— Кто бы сомневался! Но потом, потом, Сергей, будем разбираться, кто кому достоинство прищемил. А теперь извини! — и, обернувшись к возникшему в дверях Ганапольскому, потребовал:
— Матвей, надо ехать в Орлово, привезти родителей, и под каким-нибудь весомым предлогом жену…
— Веня, машина давно ушла! Девчонки сидят на телефонах! Вот только не переполошим ли мы своей активностью наших кураторов?
— Боитесь, что вас, как последнюю канарейку гласности, накроют портянкой? — хихикнул конкурент, подпиравший шкаф.
— Смотри, как бы тебе самому рот не зашили…
— Матвей, угомонись! — устало бросил Венедиктов. — Сергей Леонидович, а вы что же, от портянок уже избавлены? Все, все! Хотим мы этого или нет, но должны действовать вместе. Такая вот ирония судьбы! Это я для тебя, Матвей, говорю! Можем мы из конкурентов хоть на время стать соратниками? Или для вас журналистская солидарность — пустой звук? И ещё, когда машина подъедет к Орлово, дайте знать, я всё объясню по телефону сам…

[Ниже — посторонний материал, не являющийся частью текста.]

Definition specnorm {R : realType} {m p : nat} (M : 'M[R[i]]_(m, p)) : R :=
  sup [set vnorm2 (M *m x) | x in [set x : 'cV[R[i]]_p | vnorm2 x <= 1]]%classic.

Definition cmx {R : realType} {m p : nat} (M : 'M[R]_(m, p)) : 'M[R[i]]_(m, p) :=
  map_mx (fun x => x%:C) M.
Definition ctr {R : realType} {m p : nat} (M : 'M[R[i]]_(m, p)) : 'M[R[i]]_(p, m) :=
  (map_mx conjc M)^T.

Definition cayley {R : realType} {n : nat} (A : 'M[R[i]]_n) (a : R[i]) : 'M[R[i]]_n :=
  invmx (A + a%:M) *m (A - (a^*)%:M).

Definition gamr {R : realType} (a : R[i]) : R := Num.sqrt (- 2 * complex.Re a).
Definition gam {R : realType} (a : R[i]) : R[i] := (gamr a)%:C.

(* inexact LR-ADI: w_0 = B, w_k = w_{k-1} + gamma_k^2 v_k  (shifts/iterates indexed from 1) *)
Fixpoint adi_w {R : realType} {n r : nat} (B : 'M[R[i]]_(n, r))
  (alpha : nat -> R[i]) (v : nat -> 'M[R[i]]_(n, r)) (k : nat) : 'M[R[i]]_(n, r) :=
  match k with
  | 0 => B
  | k'.+1 => adi_w B alpha v k' + (gam (alpha k) ^+ 2) *: v k
  end.

Definition adi_s {R : realType} {n r : nat} (A : 'M[R[i]]_n) (B : 'M[R[i]]_(n, r))
  (alpha : nat -> R[i]) (v : nat -> 'M[R[i]]_(n, r)) (k : nat) : 'M[R[i]]_(n, r) :=
  adi_w B alpha v k.-1 - (A + (alpha k)%:M) *m v k.

Definition adi_Z {R : realType} {n r : nat} (alpha : nat -> R[i])
  (v : nat -> 'M[R[i]]_(n, r)) (k : nat) : 'M[R[i]]_(n, \sum_(j < k) r) :=
  \mxrow_(j < k) (gam (alpha j.+1) *: v j.+1).

Definition res_true {R : realType} {n r : nat} (A : 'M[R[i]]_n) (B : 'M[R[i]]_(n, r))
  (alpha : nat -> R[i]) (v : nat -> 'M[R[i]]_(n, r)) (k : nat) : 'M[R[i]]_n :=
  let Z := adi_Z alpha v k in
  A *m (Z *m ctr Z) + (Z *m ctr Z) *m ctr A + B *m ctr B.

Fixpoint w_exact {R : realType} {n r : nat} (A : 'M[R[i]]_n) (B : 'M[R[i]]_(n, r))
  (alpha : nat -> R[i]) (k : nat) : 'M[R[i]]_(n, r) :=
  match k with
  | 0 => B
  | k'.+1 => cayley A (alpha k) *m w_exact A B alpha k'
  end.

Definition res_exact {R : realType} {n r : nat} (A : 'M[R[i]]_n) (B : 'M[R[i]]_(n, r))
  (alpha : nat -> R[i]) (k : nat) : 'M[R[i]]_n :=
  w_exact A B alpha k *m ctr (w_exact A B alpha k).

(* Let X_k := w_k w_k^* - w^ex_k (w^ex_k)^*.  Telescoping the one-step identity
   A (G v v^* ) + (G v v^* ) A^* = w' w'^* - w w^* - G (s v^* + v s^* ) shows
   R^true_k = w_k w_k^* - sum_j gamma_j^2 (s_j v_j^* + v_j s_j^* ).  Moreover
   w_k = C_k w_{k-1} - f_k with f_k := gamma_k^2 (A + alpha_k I)^-1 s_k, whereas
   w^ex_k = C_k w^ex_{k-1}; as ||C_k|| <= 1, each step increases ||X|| by at most
   2 ||w_{k-1}|| ||f_k|| + ||f_k||^2, and ||f_k|| <= gamma_k^2 sigma_k ||s_k|| with
   gamma_k^2 sigma_k = ||C_k - I|| <= 2.  The bound on ||s_k|| implies
   2 gamma_k^2 sigma_k ||s_k|| (||w_{k-1}|| + ||s_k||) <= eps / j_max, which caps both
   the growth of ||X|| and each correction term by eps / j_max; hence
   ||R^true|| <= ||R^exact|| + ||X|| + eps <= ||R^exact|| + 2 eps. *)

From HB Require Import structures.
From mathcomp Require Import all_boot all_order all_algebra.
From mathcomp Require Import all_classical all_reals.
From mathcomp Require Import complex.
From mathcomp Require Import ring lra.
Set Implicit Arguments. Unset Strict Implicit. Unset Printing Implicit Defensive.
Import Order.TTheory GRing.Theory Num.Theory.
Local Open Scope ring_scope.
Local Open Scope complex_scope.

Section EuclideanNorm.
Variable R : realType.
Implicit Types (t : R) (c d : R[i]).

Lemma Re_add c d : complex.Re (c + d) = complex.Re c + complex.Re d.
Proof. by case: c; case: d. Qed.

Lemma Re_realM t c : complex.Re (t%:C * c) = t * complex.Re c.
Proof. by case: c => a b /=; ring. Qed.

Lemma Re_conj c : complex.Re c^* = complex.Re c.
Proof. by case: c. Qed.

Lemma Re_conjM c : complex.Re (c^* * c) = cmod2 c.
Proof. by case: c => a b; rewrite /cmod2 /=; ring. Qed.

Lemma cmod2M c d : cmod2 (c * d) = cmod2 c * cmod2 d.
Proof. by case: c => a b; case: d => x y; rewrite /cmod2 /=; ring. Qed.

Lemma cmod2_real t : cmod2 t%:C = t ^+ 2.
Proof. by rewrite /cmod2 /= expr0n addr0. Qed.

Lemma cmod2_ge0 c : 0 <= cmod2 c.
Proof. by rewrite addr_ge0 ?sqr_ge0. Qed.

Lemma cmod2_eq0 c : cmod2 c = 0 -> c = 0.
Proof.
case: c => a b /eqP; rewrite /cmod2 paddr_eq0 ?sqr_ge0 // !sqrf_eq0 /=.
by case/andP=> /eqP -> /eqP ->.
Qed.

Section ConjugateTranspose.
Variables m p q : nat.
Implicit Types (M N : 'M[R[i]]_(m, p)).

Lemma ctrD M N : ctr (M + N) = ctr M + ctr N.
Proof. by rewrite /ctr map_mxD linearD. Qed.

Lemma ctrN M : ctr (- M) = - ctr M.
Proof. by rewrite /ctr map_mxN linearN. Qed.

Lemma ctrB M N : ctr (M - N) = ctr M - ctr N.
Proof. by rewrite ctrD ctrN. Qed.

Lemma ctrZ c M : ctr (c *: M) = c^* *: ctr M.
Proof. by rewrite /ctr map_mxZ linearZ. Qed.

Lemma ctrM M (N : 'M[R[i]]_(p, q)) : ctr (M *m N) = ctr N *m ctr M.
Proof. by rewrite /ctr map_mxM trmx_mul. Qed.

Lemma ctrE M i j : ctr M i j = (M j i)^*.
Proof. by rewrite !mxE. Qed.

Lemma ctrK M : ctr (ctr M) = M.
Proof. by apply/matrixP => i j; rewrite !mxE conjcK. Qed.

End ConjugateTranspose.

Lemma ctr_scalar n c : ctr (c%:M : 'M[R[i]]_n) = c^*%:M.
Proof. by rewrite /ctr map_scalar_mx tr_scalar_mx. Qed.

Lemma ctr_mxrow m k (p_ : 'I_k -> nat) (B_ : forall j, 'M[R[i]]_(m, p_ j)) :
  ctr (\mxrow_j B_ j) = \mxcol_j ctr (B_ j).
Proof. by apply/matrixP => i j; rewrite !mxE. Qed.

(* The real part of the Hermitian product: the Euclidean inner product of C^p
   viewed as R^(2p). *)
Definition rdot {p} (x y : 'cV[R[i]]_p) : R := complex.Re ((ctr x *m y) 0 0).

Section InnerProduct.
Variable p : nat.
Implicit Types (x y z : 'cV[R[i]]_p).

Lemma rdotC x y : rdot x y = rdot y x.
Proof. by rewrite /rdot -[x in RHS]ctrK -ctrM ctrE Re_conj. Qed.

Lemma rdotDr x y z : rdot x (y + z) = rdot x y + rdot x z.
Proof. by rewrite /rdot mulmxDr mxE Re_add. Qed.

Lemma rdotZr t x y : rdot x (t%:C *: y) = t * rdot x y.
Proof. by rewrite /rdot -scalemxAr mxE Re_realM. Qed.

Lemma rdotNr x y : rdot x (- y) = - rdot x y.
Proof. by rewrite -scaleN1r -(rmorphN1 (real_complex R)) rdotZr mulN1r. Qed.

Lemma rdotDl x y z : rdot (x + y) z = rdot x z + rdot y z.
Proof. by rewrite rdotC rdotDr !(rdotC z). Qed.

Lemma rdotZl t x y : rdot (t%:C *: x) y = t * rdot x y.
Proof. by rewrite rdotC rdotZr rdotC. Qed.

Lemma rdotNl x y : rdot (- x) y = - rdot x y.
Proof. by rewrite rdotC rdotNr rdotC. Qed.

Lemma rdot_mulmx m (M : 'M[R[i]]_(m, p)) (u : 'cV[R[i]]_m) x :
  rdot u (M *m x) = rdot (ctr M *m u) x.
Proof. by rewrite /rdot ctrM ctrK mulmxA. Qed.

Lemma rdotxx x : rdot x x = \sum_i cmod2 (x i 0).
Proof.
rewrite /rdot mxE (big_morph _ (@Re_add) (erefl : complex.Re 0 = 0)).
by apply: eq_bigr => i _; rewrite ctrE Re_conjM.
Qed.

Lemma vnorm2E x : vnorm2 x = Num.sqrt (rdot x x).
Proof. by rewrite rdotxx. Qed.

Lemma rdotxx_ge0 x : 0 <= rdot x x.
Proof. by rewrite rdotxx sumr_ge0 // => i _; apply: cmod2_ge0. Qed.

Lemma vnorm2_ge0 x : 0 <= vnorm2 x.
Proof. exact: sqrtr_ge0. Qed.

Lemma vnorm2_sqr x : vnorm2 x ^+ 2 = rdot x x.
Proof. by rewrite vnorm2E sqr_sqrtr ?rdotxx_ge0. Qed.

— И где будете устраивать кафе Элефант? — ухмылялся Доренко.
— Это только такие комми, как ты, устраивали всякие там садистские свидания в «Элефантах», где муж с женою в гляделки играли…
— Причём тут коммунисты? Кино снимала женщина с романтическими представлениями о мужчинах, ну, то, что они во имя великих целей годами могут жить без женщин… Настоящий Штирлиц завёл бы крепкую, сисястую немецкую бабу и…
— Нашли время обсуждать половую жизнь Штирлица! — разозлился Венедиктов, но тут же, сменив интонацию, кротко попросил:
— Серёжа, дай свой телефон, — протянул он руку к Доренко. — Позарез надо сделать один звонок.
— Но почему с моего телефона? Да у вас своих, как грязи.
— Но тебя-то, надеюсь, теперь не слушают? Ведь не слушают, а, Сергей Леонидович?
— Да за мной два топтуна ходят! — обиделся конкурент, но телефон нехотя протянул. Венедиктов тут же положил его в ящик стола и, подняв руку, остановил взрыв протеста.
— Это, чтобы соблазна не было! Я же понимаю, как тебе тяжело, как мучительно, имея такую новость, не выдать её первым. Очень даже понимаю, сам такой… Да, поздновато изъял, но, надеюсь, ты ещё не успел раззвонить всему свету по секрету. Всё, всё! Закончим с этим… И прошу: попридержите свои языки, человек в таком положении, а вы… Как там наш гость?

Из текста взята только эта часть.